No. HTML, Hyper Text Markup Language, is a standard for describing documents. It is NOT the place to implement or enforce Digitally Restricted Media(DRM). Other applications already exist for this purpose and new application will also follow that can all be integrated into your HTML document if you insist on using it. But it belongs in an external application, not HTML.

Re:Reality vs idealism

DRM being bad is a not a "idealism". It's not some persons *opinion*. It's not like arguing about whether Inception was a good movie (it was).

DRM is faulty *by design*. This is a mathematical truth. And you either accept that truth, or you live in denial. This isn't a "weelllll, it's really annoying for business". Ok, so what? Gravity is really annoying for the American Airlines. Those are the breaks.

The hardware, at the most bottom layer (assembly), has the instruction: mov eax, ebx. This instruction copies data freely. All digital hardware has an equivalent function. You cannot do anything with computers without this basic function.

When you hold a computer, you are physically holding this magical copy instruction. This copy instruction does not know about copyright, or rights holders, or fair use, or DRM, or business models. It simply duplicates a digital value. No computer could exist without it.

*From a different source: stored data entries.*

(* Let $N \ge 2$ and consider $N$ electrons with positions $r = (r_1,\dots,r_N) \in \mathbb{R}^{3N}$, $r_i \in \mathbb{R}^3$, each carrying a fixed spin label $\rho_i \in \{\uparrow,\downarrow\}$. For a transposition $\tau$ of two indices $i \neq j$ with $\rho_i = \rho_j$, write $\tau r$ for the configuration obtained from $r$ by exchanging $r_i$ and $r_j$. Let $K \ge 1$, let $\gamma_1,\dots,\gamma_K \in \mathbb{R}$, let $\beta_1,\beta_2 \in \mathbb{R}\setminus\{0\}$, and let $\alpha^{(1)},\dots,\alpha^{(K)} : \mathbb{R}^{3N} \to \mathbb{R}^N$ be maps that are equivariant under exchange of same-spin electrons, i.e. for every transposition $\tau$ of two same-spin indices $i,j$ and every $r$, the vector $\alpha^{(k)}(\tau r)$ is obtained from $\alpha^{(k)}(r)$ by swapping its $i$-th and $j$-th entries. Define the Sortlet ansatz $$\Psi(r) = \exp[J_\beta(r)] \sum_{k=1}^K \Psi_{\alpha^{(k)}}(r)\, e^{-\gamma_k \sum_{j=1}^N |r_j|},$$ where $$J_\beta(r) = \sum_{i<j,\ \rho_i = \rho_j} \frac{-1}{4}\,\frac{\beta_1}{\beta_1^2 + |r_i - r_j|} + \sum_{i<j,\ \rho_i \ne \rho_j} \frac{-1}{2}\,\frac{\beta_2}{\beta_2^2 + |r_i - r_j|}$$ and $\Psi_\alpha$ denotes the sortlet defined in the context. Then $\Psi$ is antisymmetric under exchange of any two electrons with the same spin: $\Psi(\tau r) = -\Psi(r)$ for every $r \in \mathbb{R}^{3N}$ and every transposition $\tau$ of two same-spin indices.
   Context: Sortlet: for a map $\alpha = (\alpha_1,\dots,\alpha_N) : \mathbb{R}^{3N} \to \mathbb{R}^N$ and a configuration $r$ at which the values $\alpha_1(r),\dots,\alpha_N(r)$ are pairwise distinct, let $\pi_\alpha = \pi_{\alpha(r)}$ be the unique permutation of $\{1,\dots,N\}$ with $\alpha_{\pi_\alpha(1)}(r) < \alpha_{\pi_\alpha(2)}(r) < \dots < \alpha_{\pi_\alpha(N)}(r)$ (the permutation that sorts $\alpha(r)$), and set $$\Psi_\alpha(r) = \sigma(\pi_\alpha) \prod_{i=1}^{N-1} \big(\alpha_{\pi_\alpha(i+1)}(r) - \alpha_{\pi_\alpha(i)}(r)\big),$$ where $\sigma(\pi) \in \{+1,-1\}$ is the sign (parity) of the permutation $\pi$. At configurations where two values $\alpha_i(r)$ coincide, the product of consecutive sorted differences vanishes, and $\Psi_\alpha(r) = 0$. $|\cdot|$ denotes the Euclidean norm on $\mathbb{R}^3$. *)

From mathcomp Require Import all_boot all_order all_algebra all_fingroup.
From mathcomp Require Import all_classical all_reals all_analysis.
Set Implicit Arguments. Unset Strict Implicit. Unset Printing Implicit Defensive.
Import Order.TTheory GRing.Theory Num.Theory.
Local Open Scope ring_scope.

Definition point (R : realType) := 'I_3 -> R.
Definition config (R : realType) (N : nat) := 'I_N -> point R.

Definition dist3 (R : realType) (x y : point R) : R :=
  Num.sqrt (\sum_(k < 3) (x k - y k) ^+ 2).

Definition sort_perm (R : realType) (N : nat) (a : 'I_N -> R) : option 'S_N :=
  [pick s : 'S_N | [forall i : 'I_N, forall j : 'I_N,
                      (i < j)%N ==> (a (s i) < a (s j))]].

(* Sortlet Psi_alpha evaluated at the value vector a = alpha(r);
   zero when two values coincide (no strictly sorting permutation exists). *)
Definition sortlet_val (R : realType) (N : nat) (a : 'I_N -> R) : R :=
  match sort_perm a with
  | Some s =>
      let b := fun n : nat =>
        if @insub nat (fun m => (m < N)%N) 'I_N n is Some k then a (s k) else 0 in
      (-1) ^+ (odd_perm s) * \prod_(0 <= i < N.-1) (b i.+1 - b i)
  | None => 0
  end.

Definition sortlet (R : realType) (N : nat)
  (alpha : config R N -> ('I_N -> R)) (r : config R N) : R :=
  sortlet_val (alpha r).

Definition swap_config (R : realType) (N : nat) (i j : 'I_N) (r : config R N)
  : config R N := fun k => r (tperm i j k).

(* Jastrow factor J_beta. rho : spin labels (true = up, false = down). *)
Definition jastrow (R : realType) (N : nat) (rho : 'I_N -> bool)
  (beta1 beta2 : R) (r : config R N) : R :=
  \sum_(i < N) \sum_(j < N | (i < j)%N && (rho i == rho j))
      (- (1 / 4) * (beta1 / (beta1 ^+ 2 + dist3 (r i) (r j))))
  + \sum_(i < N) \sum_(j < N | (i < j)%N && (rho i != rho j))
      (- (1 / 2) * (beta2 / (beta2 ^+ 2 + dist3 (r i) (r j)))).

Definition norm3 (R : realType) (x : point R) : R :=
  Num.sqrt (\sum_(k < 3) (x k) ^+ 2).

Definition sortlet_ansatz (R : realType) (N K : nat) (rho : 'I_N -> bool)
  (beta1 beta2 : R) (gamma : 'I_K -> R)
  (alpha : 'I_K -> config R N -> ('I_N -> R)) (r : config R N) : R :=
  expR (jastrow rho beta1 beta2 r) *
  \sum_(k < K) (sortlet (alpha k) r * expR (- gamma k * \sum_(j < N) norm3 (r j))).

From mathcomp Require Import all_boot all_order all_algebra all_fingroup.
From mathcomp Require Import all_classical all_reals all_analysis.
Import Order.TTheory GRing.Theory Num.Theory.
Local Open Scope ring_scope.

(* The Jastrow factor and the exponential envelope are invariant under every
   spin-preserving permutation t of the electrons, while the sortlet of an
   equivariant alpha picks up the sign of t: if s sorts alpha(r), then s t^-1
   sorts alpha(t r) and produces the same sorted values.  A transposition of two
   same-spin electrons is odd. *)

Lemma homo_ltn_perm1 (n : nat) (h : 'S_n) :
  {homo h : i j / (i < j)%N} -> h = 1%g.
Proof.
move=> h_incr.
have sorted_enum : sorted (fun i j : 'I_n => (i < j)%N) (enum 'I_n).
  by have := iota_ltn_sorted 0 n; rewrite -val_enum_ord sorted_map.
have /eq_in_map h_id : map h (enum 'I_n) = map id (enum 'I_n).
  rewrite map_id; apply: (@irr_sorted_eq _ (fun i j : 'I_n => (i < j)%N)).
  - by move=> ? ? ?; apply: ltn_trans.
  - by move=> i; apply: ltnn.
  - exact: (@homo_sorted _ _ (fun i => h i) _ _ h_incr _ sorted_enum).
  - exact: sorted_enum.
  - move=> i; rewrite mem_enum; apply/mapP.
    by exists ((h^-1)%g i); rewrite ?mem_enum ?permKV.
by apply/permP => i; rewrite perm1 h_id ?mem_enum.
Qed.

Definition sorts {R : numDomainType} {n : nat} (a : 'I_n -> R) (s : 'S_n) :=
  [forall i : 'I_n, forall j : 'I_n, (i < j)%N ==> (a (s i) < a (s j))].

Lemma sortsP (R : numDomainType) (n : nat) (a : 'I_n -> R) (s : 'S_n) :
  reflect (forall i j : 'I_n, (i < j)%N -> a (s i) < a (s j)) (sorts a s).
Proof.
apply: (iffP forallP) => [sorted_s i j | sorted_s i].
  by move/forallP: (sorted_s i) => /(_ j) /implyP.
by apply/forallP => j; apply/implyP; apply: sorted_s.
Qed.

Lemma sorts_uniq (R : numDomainType) (n : nat) (a : 'I_n -> R) (s1 s2 : 'S_n) :
  sorts a s1 -> sorts a s2 -> s1 = s2.
Proof.
move=> /sortsP sorted1 /sortsP sorted2.
suff /eqP : (s2 * s1^-1)%g = 1%g by rewrite -eq_mulgV1 eq_sym => /eqP.
have s1K m : s1 ((s2 * s1^-1)%g m) = s2 m by rewrite permM permKV.
apply: homo_ltn_perm1 => k l lt_kl.
rewrite ltnNge leq_eqVlt negb_or; apply/andP; split.
  by apply: contraTneq lt_kl => /val_inj /perm_inj ->; rewrite ltnn.
by apply/negP => /sorted1; rewrite !s1K lt_gtF ?sorted2.
Qed.

Lemma sorts_perm (R : numDomainType) (n : nat) (a : 'I_n -> R) (t s : 'S_n) :
  sorts (fun m => a (t m)) s = sorts a (s * t)%g.
Proof. by apply: eq_forallb => i; apply: eq_forallb => j; rewrite !permM. Qed.

Lemma sort_permE (R : realType) (n : nat) (a : 'I_n -> R) :
  sort_perm a = [pick s | sorts a s].
Proof. by []. Qed.

Lemma sort_perm_perm (R : realType) (n : nat) (a : 'I_n -> R) (t : 'S_n) :
  sort_perm (fun m => a (t m)) = omap (fun s => s * t^-1)%g (sort_perm a).
Proof.
rewrite !sort_permE.
case: pickP => [s' sorted_s' | unsorted']; case: pickP => [s sorted_s | unsorted] //=.
- by rewrite (@sorts_uniq _ _ a s (s' * t)%g) ?mulgK -?sorts_perm.
- by have := unsorted (s' * t)%g; rewrite -sorts_perm sorted_s'.
- by have := unsorted' (s * t^-1)%g; rewrite sorts_perm mulgKV sorted_s.
Qed.

Lemma sortlet_val_perm (R : realType) (n : nat) (a : 'I_n -> R) (t : 'S_n) :
  sortlet_val (fun m => a (t m)) = (-1) ^+ t * sortlet_val a.
Proof.
rewrite /sortlet_val sort_perm_perm; case: sort_perm => [s|] /=; last by rewrite mulr0.
rewrite odd_permM odd_permV signr_addb -mulrA mulrCA; congr (_ * (_ * _)).
by apply: eq_bigr => i _; congr (_ - _); case: insub => // k; rewrite permM permKV.
Qed.

Lemma sum_lt_pairsE (R : nmodType) (n : nat) (F : 'I_n -> 'I_n -> R) :
  (forall i j, F i j = F j i) ->
  (\sum_(i < n) \sum_(j < n | (i < j)%N) F i j) *+ 2
  = \sum_(i < n) \sum_(j < n | i != j) F i j.
Proof.
move=> FC.
have mkcond (P : rel 'I_n) : \sum_(i < n) \sum_(j < n | P i j) F i j
    = \sum_(i < n) \sum_(j < n) (if P i j then F i j else 0).
  by apply: eq_bigr => i _; rewrite big_mkcond.
rewrite mulr2n (mkcond (fun i j => i < j)%N) (mkcond (fun i j => i != j)).
rewrite {2}exchange_big -big_split; apply: eq_bigr => i _.
rewrite -big_split; apply: eq_bigr => j _ /=.
by rewrite FC -(inj_eq val_inj); case: ltngtP; rewrite ?addr0 ?add0r.
Qed.

Lemma sum_lt_pairs_perm (R : numDomainType) (n : nat) (t : 'S_n)
    (P : rel 'I_n) (F : 'I_n -> 'I_n -> R) :
  (forall i j, P i j = P j i) -> (forall i j, F i j = F j i) ->
  (forall i j, P (t i) (t j) = P i j) ->
  \sum_(i < n) \sum_(j < n | (i < j)%N && P i j) F (t i) (t j)
  = \sum_(i < n) \sum_(j < n | (i < j)%N && P i j) F i j.
Proof.
move=> PC FC Pt; pose G i j := if P i j then F i j else 0.
have GC i j : G i j = G j i by rewrite /G PC FC.
transitivity (\sum_(i < n) \sum_(j < n | (i < j)%N) G (t i) (t j)).
  by apply: eq_bigr => i _; rewrite big_mkcondr; apply: eq_bigr => j _; rewrite /G Pt.
transitivity (\sum_(i < n) \sum_(j < n | (i < j)%N) G i j); last first.
  by apply: eq_bigr => i _; rewrite big_mkcondr.
(* Doubled, both sides become sums over all ordered pairs i != j, which t permutes. *)
apply/eqP; rewrite -(orFb (_ == _)) -(eqrMn2r 2) !sum_lt_pairsE //; apply/eqP.
rewrite [RHS](reindex_inj (@perm_inj _ t)); apply: eq_bigr => i _.
rewrite [RHS](reindex_inj (@perm_inj _ t)); apply: eq_bigl => j.
by rewrite (inj_eq perm_inj).
Qed.

Lemma dist3C (R : realType) (x y : 'I_3 -> R) : dist3 x y = dist3 y x.
Proof. by congr Num.sqrt; apply: eq_bigr => k _; rewrite -sqrrN opprB. Qed.

Lemma jastrow_perm (R : realType) (N : nat) (rho : 'I_N -> bool)
    (beta1 beta2 : R) (t : 'S_N) (r : config R N) :
  (forall m, rho (t m) = rho m) ->
  jastrow rho beta1 beta2 (fun m => r (t m)) = jastrow rho beta1 beta2 r.
Proof.
move=> rho_t; rewrite /jastrow.
have rho_tt i j : (rho (t i) == rho (t j)) = (rho i == rho j) by rewrite !rho_t.
rewrite (@sum_lt_pairs_perm _ _ t (fun i j => rho i == rho j)
  (fun i j => - (1 / 4) * (beta1 / (beta1 ^+ 2 + dist3 (r i) (r j))))).
rewrite (@sum_lt_pairs_perm _ _ t (fun i j => rho i != rho j)
  (fun i j => - (1 / 2) * (beta2 / (beta2 ^+ 2 + dist3 (r i) (r j))))) //.
all: by move=> i j; rewrite 1?dist3C 1?rho_tt // eq_sym.
Qed.

Lemma sortlet_ansatz_perm (R : realType) (N K : nat) (rho : 'I_N -> bool)
    (beta1 beta2 : R) (gamma : 'I_K -> R)
    (alpha : 'I_K -> config R N -> ('I_N -> R)) (t : 'S_N) (r : config R N) :
  (forall m, rho (t m) = rho m) ->
  (forall k, alpha k (fun m => r (t m)) = (fun m => alpha k r (t m))) ->
  sortlet_ansatz rho beta1 beta2 gamma alpha (fun m => r (t m))
  = (-1) ^+ t * sortlet_ansatz rho beta1 beta2 gamma alpha r.
Proof.
move=> rho_t alpha_t.
rewrite /sortlet_ansatz jastrow_perm // [RHS]mulrCA; congr (_ * _).
rewrite mulr_sumr [\sum_(j < N) norm3 (r j)](reindex_inj (@perm_inj _ t)) /=.
by apply: eq_bigr => k _; rewrite /sortlet alpha_t sortlet_val_perm mulrA.
Qed.

Theorem mainTheorem1 (R : realType) (N K : nat) (rho : 'I_N -> bool)
  (gamma : 'I_K -> R) (beta1 beta2 : R)
  (alpha : 'I_K -> config R N -> ('I_N -> R)) :
  (2 <= N)%N -> (1 <= K)%N -> beta1 != 0 -> beta2 != 0 ->
  (forall (k : 'I_K) (i j : 'I_N), i != j -> rho i = rho j ->
     forall r : config R N,
       alpha k (swap_config i j r) = (fun m => alpha k r (tperm i j m))) ->
  forall (i j : 'I_N), i != j -> rho i = rho j ->
  forall r : config R N,
    sortlet_ansatz rho beta1 beta2 gamma alpha (swap_config i j r)
    = - sortlet_ansatz rho beta1 beta2 gamma alpha r.
Proof.
move=> _ _ _ _ alpha_swap i j neq_ij rho_ij r.
have rho_swap m : rho (tperm i j m) = rho m by case: tpermP => // ->.
rewrite /swap_config sortlet_ansatz_perm // => [|k].
  by rewrite odd_tperm neq_ij expr1 mulN1r.
exact: alpha_swap.
Qed.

So, how do you propose to remove this function, without destroying the computer in the process? It's, ultimately, impossible. You can make things very difficult -- that's fine! Because all you need is one bored determined hacker to break it (which must always be possible, as long as computers exist), and "unlock" the media. Then it will be traded freely.

The only way to stop it is to destroy the computer. Destroy the `mov ax, bx` instruction, that freely copies digital data. But the computer provides so much *other* value, that you can't do that either.

So you just have to live with it. And the sooner you realize that, and realize that this isn't about "idealism", but instead about a mathematical truth that people are living in denial about, the sooner you stop propagating this delusion that DRM is some sort of "solution". It's snake oil. Get over it. I know it sucks. It sucks for me too -- I make music. It sucks. Adapt, or die.

Re:Reality vs idealism

[ByOhTek]

What exactly would you consider a better technology?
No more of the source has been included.